Appeal from an order of the Family Court of Saratoga County (James, J.), entered July 21, 1986, which, inter alia, denied petitioner’s application, in a proceeding pursuant to Domestic Relations Law § 240, for custody of his children.
Petitioner and respondent have two children, ages 9 and 11, by a marriage that ended in divorce in 1982. When the current litigation began, the parties had joint custody of the children, with physical custody alternating more or less every other day, while the children’s primary residence remained *771with respondent. On January 9, 1986, respondent sought past due child support from petitioner and requested that future support payments be made through the Saratoga County Support Collection Unit. On January 28, 1986, in answer to petitioner’s application of January 16, 1986 seeking modification of his visitation rights, respondent renewed her earlier application and moved to have petitioner’s visitation with the children reduced to every other weekend and on Wednesdays after school. On March 17, 1986, petitioner petitioned to acquire custody and for a revised visitation schedule. After hearing extensive testimony and receiving reports from a court-appointed psychologist and a Law Guardian, Family Court denied petitioner’s petition and awarded sole custody to respondent. Petitioner appeals. As limited by his brief, petitioner’s challenges are to the dismissal of his custody petition and the granting of full custody to respondent. We affirm.
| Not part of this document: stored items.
Lemma block_end_sortpos j : j.+1 < N ->
  block_end T (fun i => nth 0 x (nth 0 T i)) j =
  (nth 0 x (nth 0 T j.+1) != nth 0 x (nth 0 T j)).
Proof.
move=> jN; have T_perm := sortpos_perm x.
rewrite sortpos_succ_eq // /block_end; set p := nth 0 T j.
case: (posnP p) => [-> | p0]; first by rewrite take0.
have pN : p < N by apply: (perm_iota_nth_lt T_perm); lia.
have p1N : p.-1 < N by lia.
rewrite /= (perm_iota_nth_index T_perm p1N) -(@fx p) ?p0 //.
case: ltnP => //= jle; apply/esym/negbTE/negP => lt.
have := sortpos_index_pred p0 pN lt.
by rewrite (perm_iota_index_nth T_perm) //; lia.
Qed.

Lemma label_sortpos j : j < N -> label T j = nth 0 x (nth 0 T j).
Proof.
elim/ltn_ind: j => -[_ N0 | j IH jN]; first by rewrite label0 sortpos_first.
rewrite labelS.
have -> : block_end T (label T) j = block_end T (fun i => nth 0 x (nth 0 T i)) j.
  by apply: block_end_ext => i; rewrite inE => ij; apply: IH => //; lia.
rewrite block_end_sortpos // IH //; last by lia.
have := sortpos_step cx jN.
by case: (_ =P _) => [-> | ne] /=; rewrite ?addn0 ?addn1; lia.
Qed.

Lemma cayley_of_sortpos : cayley_of T = x.
Proof.
have T_perm := sortpos_perm x; have TN := perm_iota_size T_perm.
apply: (@eq_from_nth _ 0) => [|p]; first by rewrite size_map size_iota TN.
rewrite size_map size_iota TN => pN.
rewrite (nth_cayley_of T_perm pN) label_sortpos ?perm_iota_index_lt //.
by rewrite (perm_iota_nth_index T_perm).
Qed.

End LabelSortPos.

Lemma perm_iota1_cayley s n : perm_eq s (iota 1 n) -> cayley s.
Proof.
move=> s_perm; apply/cayleyP; split=> [|y u]; first by rewrite (perm_mem s_perm) mem_iota.
by rewrite !(perm_mem s_perm) !mem_iota; lia.
Qed.

Lemma cayley_uniq_perm s : cayley s -> uniq s -> perm_eq s (iota 1 (size s)).
Proof.
move=> cs us; have := cayley_undup cs; rewrite undup_id // => s_perm.
by rewrite (perm_size s_perm) size_iota.
Qed.

Lemma perm_iota_succ s n : perm_eq s (iota 0 n) -> perm_eq (map succn s) (iota 1 n).
Proof. by move=> s_perm; rewrite (iotaDl 1 0); apply: perm_map. Qed.

Lemma perm_iota_pred s n : perm_eq s (iota 1 n) -> perm_eq (map predn s) (iota 0 n).
Proof. by move=> /(perm_map predn); rewrite (iotaDl 1 0) -map_comp map_id. Qed.

Lemma pred_succ_cayley s : cayley s -> map succn (map predn s) = s.
Proof.
move=> cs; rewrite -map_comp -[RHS]map_id; apply/eq_in_map => v vs /=.
by rewrite prednK // (cayley_pos cs vs).
Qed.

Definition fishburn_of x := map succn (sortpos x).

Definition cayley_of_fishburn p := cayley_of (map predn p).

Lemma fishburn_ofP x : [&& cayley x, ~~ contains_a x & ~~ contains_b x] ->
  [/\ [&& cayley (fishburn_of x), uniq (fishburn_of x) & ~~ contains_f (fishburn_of x)],
      cayley_of_fishburn (fishburn_of x) = x & size (fishburn_of x) = size x].
Proof.
case/and3P=> cx na nb; have fx : fresh_ascents x by apply/fresh_ascentsP.
have F_perm := perm_iota_succ (sortpos_perm x).
split; last by rewrite size_map size_sort size_iota.
  rewrite (perm_iota1_cayley F_perm) (perm_uniq F_perm) iota_uniq contains_f_succ.
  exact: sortpos_avoids_f.
by rewrite /cayley_of_fishburn -map_comp map_id cayley_of_sortpos.
Qed.

Lemma cayley_of_fishburnP p : [&& cayley p, uniq p & ~~ contains_f p] ->
  [/\ [&& cayley (cayley_of_fishburn p), ~~ contains_a (cayley_of_fishburn p)
        & ~~ contains_b (cayley_of_fishburn p)],
      fishburn_of (cayley_of_fishburn p) = p & size (cayley_of_fishburn p) = size p].
Proof.
case/and3P=> cp up p_f; have s_perm := perm_iota_pred (cayley_uniq_perm cp up).
have s_f : ~~ contains_f (map predn p) by rewrite -contains_f_succ pred_succ_cayley.
split; last by rewrite size_map size_iota size_map.
  have /fresh_ascentsP [na nb] := fresh_ascents_cayley_of s_perm s_f.
  by rewrite /cayley_of_fishburn (cayley_cayley_of s_perm) na nb.
by rewrite /fishburn_of (sortpos_cayley_of s_perm s_f) pred_succ_cayley.
Qed.

Section TupleWords.

Variables (n : nat) (P Q : pred (seq nat)) (f g : seq nat -> seq nat).

Lemma card_tuple_words_leq :
  (forall y, P y -> [/\ Q (f y), g (f y) = y & size (f y) = size y]) ->
  (forall y, Q y -> {in y, forall v, v <= size y}) ->
  #|[set t : n.-tuple 'I_n.+1 | P (map val t)]| <=
  #|[set t : n.-tuple 'I_n.+1 | Q (map val t)]|.
Proof.
move=> fPQ Q_bound.
pose h (t : n.-tuple 'I_n.+1) : n.-tuple 'I_n.+1 := insubd t (map inord (f (map val t))).
have val_h (t : n.-tuple 'I_n.+1) : P (map val t) -> map val (h t) = f (map val t).
  move=> Pt; have [Qf _ size_f] := fPQ _ Pt.
  have size_t : size (map val t) = n by rewrite size_map size_tuple.
  rewrite /h insubdK; last by rewrite unfold_in /= size_map size_f size_t.
  rewrite -map_comp -[RHS]map_id; apply/eq_in_map => v vf /=.
  by apply: inordK; rewrite ltnS -size_t -size_f Q_bound.
have h_inj : {in [set t : n.-tuple 'I_n.+1 | P (map val t)] &, injective h}.
  move=> t1 t2; rewrite !inE => P1 P2 h12.
  have [[_ g1 _] [_ g2 _]] := (fPQ _ P1, fPQ _ P2).
  apply/val_inj/(inj_map val_inj).
  have := congr1 (fun t : n.-tuple 'I_n.+1 => g (map val t)) h12.
  by rewrite /= !val_h // g1 g2.
rewrite -(card_in_imset h_inj); apply/subset_leq_card/subsetP => _ /imsetP [t Pt ->].
by move: Pt; rewrite !inE => Pt; rewrite val_h //; case: (fPQ _ Pt).
Qed.

End TupleWords.

Lemma card_tuple_words_eq n (P Q : pred (seq nat)) (f g : seq nat -> seq nat) :
  (forall y, P y -> [/\ Q (f y), g (f y) = y & size (f y) = size y]) ->
  (forall y, Q y -> [/\ P (g y), f (g y) = y & size (g y) = size y]) ->
  (forall y, P y || Q y -> {in y, forall v, v <= size y}) ->
  #|[set t : n.-tuple 'I_n.+1 | P (map val t)]| =
  #|[set t : n.-tuple 'I_n.+1 | Q (map val t)]|.
Proof.
move=> fPQ gQP bound; apply/eqP; rewrite eqn_leq.
rewrite (card_tuple_words_leq n fPQ) => [|y Qy]; last by apply: bound; rewrite Qy orbT.
by rewrite (card_tuple_words_leq n gQP) // => y Py; apply: bound; rewrite Py.
Qed.

Theorem theorem7p3 :
  (forall x : seq nat,
     modasc x <-> [/\ cayley x, ~~ contains_a x & ~~ contains_b x]) /\
  (forall n : nat,
     #|[set t : n.-tuple 'I_n.+1 |
         [&& cayley (map val t), ~~ contains_a (map val t) & ~~ contains_b (map val t)]]|
   = #|[set t : n.-tuple 'I_n.+1 |
         [&& cayley (map val t), uniq (map val t) & ~~ contains_f (map val t)]]|).
Proof.
split=> [x | n]; first exact: modasc_avoidP.
apply: card_tuple_words_eq fishburn_ofP cayley_of_fishburnP _ => y.
by case/orP => /and3P [cy _ _] v; apply: cayley_leq_size.
Qed.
With ample basis for doing so in the record, Family Court concluded in part: that the children were not benefiting from the present shared-time arrangement or the friction occasioned when the parents meet while implementing this program; that petitioner has the ability, and has rejected the opportunity, to earn income equal to or greater than respondent, who has a responsible position with a concern in the Albany area, approximately an hour’s drive from her home, to which she has been commuting for several years; and that respondent more constantly conducts herself in a manner designed to serve the best interests of the children. We find it disconcerting that Family Court did not give more attention to respondent’s vague but apparently imminent plan to move to the Albany area (see, Matter of Callahan v Denton, 114 AD2d 663, 665), the primary concern of the Law Guardian. However, the custody of children is ordinarily a matter of discretion for the trial court and its determination is rarely altered on review (Matter of Darlene T., 28 NY2d 391, 395). Bearing in mind that the court-appointed psychologist recommended that respondent be awarded custody, and after considering the other testimony as a whole, we are unable to say that a "sound and substantial basis” for Family Court’s decision is lacking (see, Bunim v Bunim, 298 NY 391, 393).
Insofar as petitioner urges that he, due in part to periods of unemployment, has been able to assume the nurturing role traditionally associated with a mother, we note that even if this, is so, it does not constrain Family Court, which specifically observed that petitioner "does not consistently pursue a *772course of conduct which best serves the interests of the children.”
Order affirmed, without costs. Mahoney, P. J., Kane, Main, Yesawich, Jr., and Levine, JJ., concur.